Another “minor detail” that Tom overlooks is that every motorcycle ever sold in the U.S. is at risk for engine damage from E15, and the newer ones would have their warranties voided by using a fuel blend greater than 10 percent ethanol. As a motorcyclist, I’m sick of hearing “don’t mess with the RFS” in paid radio advertisements. Tom likely was just as sick to hear that the U.S. Senate Committee on Environment and Public Works announced on July 21 of this year that there will be no vote on the Consumer and Fuel Retailer Choice Act (S.517), likely for this very reason. This is an active concern among the 6.7 million motorcyclists in the US, and the American Motorcyclist Association regularly lobbies to eliminate the RFS, again for this very reason.

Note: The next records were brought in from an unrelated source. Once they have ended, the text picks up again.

Theorem bailey_series_identity :
  exists s, is_series (rhs_term q a c) s /\ is_series (lhs_term q a c) (rhs_prefactor q a c * s)%C.
Proof.
  destruct lhs_term_geom_bound as [KL HKL], rhs_term_geom_bound as [KR HKR].
  destruct (ex_series_geom_bound _ _ _ rho_range HKL) as [L HL].
  destruct (ex_series_geom_bound _ _ _ rho_range HKR) as [s HS].
  exists s. split; [exact HS|].
  destruct (ex_lim_Cseq_qpoch Q Q ltac:(lra)) as [PQ HPQ],
    (ex_lim_Cseq_qpoch (Q * a) Q ltac:(lra)) as [Pa HPa],
    (ex_lim_Cseq_qpoch (Q * c) Q ltac:(lra)) as [Pc HPc],
    (ex_lim_Cseq_qpoch (a * c) Q ltac:(lra)) as [Pac HPac].
  assert (Pa0 := qpoch_lim_neq0 _ _ _ CmodQ HQa HPa).
  assert (Pc0 := qpoch_lim_neq0 _ _ _ CmodQ HQc HPc).
  destruct lhs_weight_bound as [BL HBL], rhs_weight_bound as [BR HBR].
  assert (TL := tannery_bounded_weights _ _ _ _ _ _ _ rho_range HKL HBL lhs_weight_lim HL).
  assert (TR := tannery_bounded_weights _ _ _ _ _ _ _ rho_range HKR HBR
                  (fun k => rhs_weight_lim k Pac HPac) HS).
  assert (Hpre : is_lim_Cseq (fun N => qpoch Q Q (S N) / (qpoch (Q * a) Q N * qpoch (Q * c) Q N))%C
                   (PQ / (Pa * Pc))%C).
  { apply is_lim_Cseq_mult; [apply (is_lim_Cseq_incr_n _ _ 1) in HPQ|].
    - apply (is_lim_Cseq_ext _ _ _ (fun n => f_equal _ (Nat.add_1_r n)) HPQ).
    - apply is_lim_Cseq_inv; [apply is_lim_Cseq_mult; auto | apply Cmult_neq_0; auto]. }
  assert (E : (L * 1)%C = (PQ / (Pa * Pc) * (s * Pac))%C).
  { apply (is_lim_Cseq_unique _ _ _ TL).
    apply (is_lim_Cseq_ext _ _ _
      (fun N => eq_sym (finite_bailey_identity q a c Hq Ha Hc HQ HQa HQc Hqq Hmq N))).
    apply is_lim_Cseq_mult; auto. }
  unfold rhs_prefactor.
  rewrite (qpoch_inf_is_lim _ _ _ HPQ), (qpoch_inf_is_lim _ _ _ HPa),
    (qpoch_inf_is_lim _ _ _ HPc), (qpoch_inf_is_lim _ _ _ HPac).
  replace (PQ * Pac / (Pa * Pc) * s)%C with (L : C); [exact HL|].
  rewrite <- (Cmult_1_r L), E. field. auto.
Qed.

End BaileyLimit.

Lemma qpoch_sqr_mul_neq0 (q x : C) k :
  (forall j : nat, q ^ (2 * S j) * x <> 1) -> qpoch (q ^ 2 * x) (q ^ 2) k <> 0.
Proof.
  intros H. apply qpoch_neq0. intros j _.
  replace (q ^ 2 * x * (q ^ 2) ^ j) with (q ^ (2 * S j) * x) by (rewrite Cpow_mult_r, Cpow_S; ring).
  auto.
Qed.

Theorem theorem8p5 (q a c : C) :
  (0 < Cmod q)%R -> (Cmod q < 1)%R ->
  a <> 0 -> c <> 0 ->
  (forall k : nat, q ^ (2 * S k) * a <> 1) ->
  (forall k : nat, q ^ (2 * S k) * c <> 1) ->
  (Cmod (a * c) < Cmod q ^ 2)%R ->
  exists S : C,
    is_series (rhs_term q a c) S /\
    is_series (lhs_term q a c) (rhs_prefactor q a c * S).
Proof.
  intros Hq0 Hq1 Ha Hc Ha1 Hc1 Hac.
  apply bailey_series_identity; auto; intros k; apply qpoch_sqr_mul_neq0; auto.
Qed.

Finally, Tom’s claim that corn used for ethanol doesn’t increase the cost of food ignores the facts. Oxfam and the UN continue to document the negative effects upon the third-world poor. Tufts University research published in 2012 cited a $1.5 million dollar cost to Mexico alone. In 2013, the National Chicken Council published data showing a $2,000-per-family increase in food costs in the U.S. traceable directly to the RFS by the fact that the RFS required the use for ethanol of 40 percent of our nations’ corn production that year, greatly increasing the cost of chicken feed. In 2014, Forbes published a report on corn ethanol that refuted every claim in favor of the RFS and painted a picture of environmental mayhem from it instead. To Tom and his compatriots, I ask the question that report asked, “Can we please stop pretending biofuel made from corn is helping the planet and the environment?”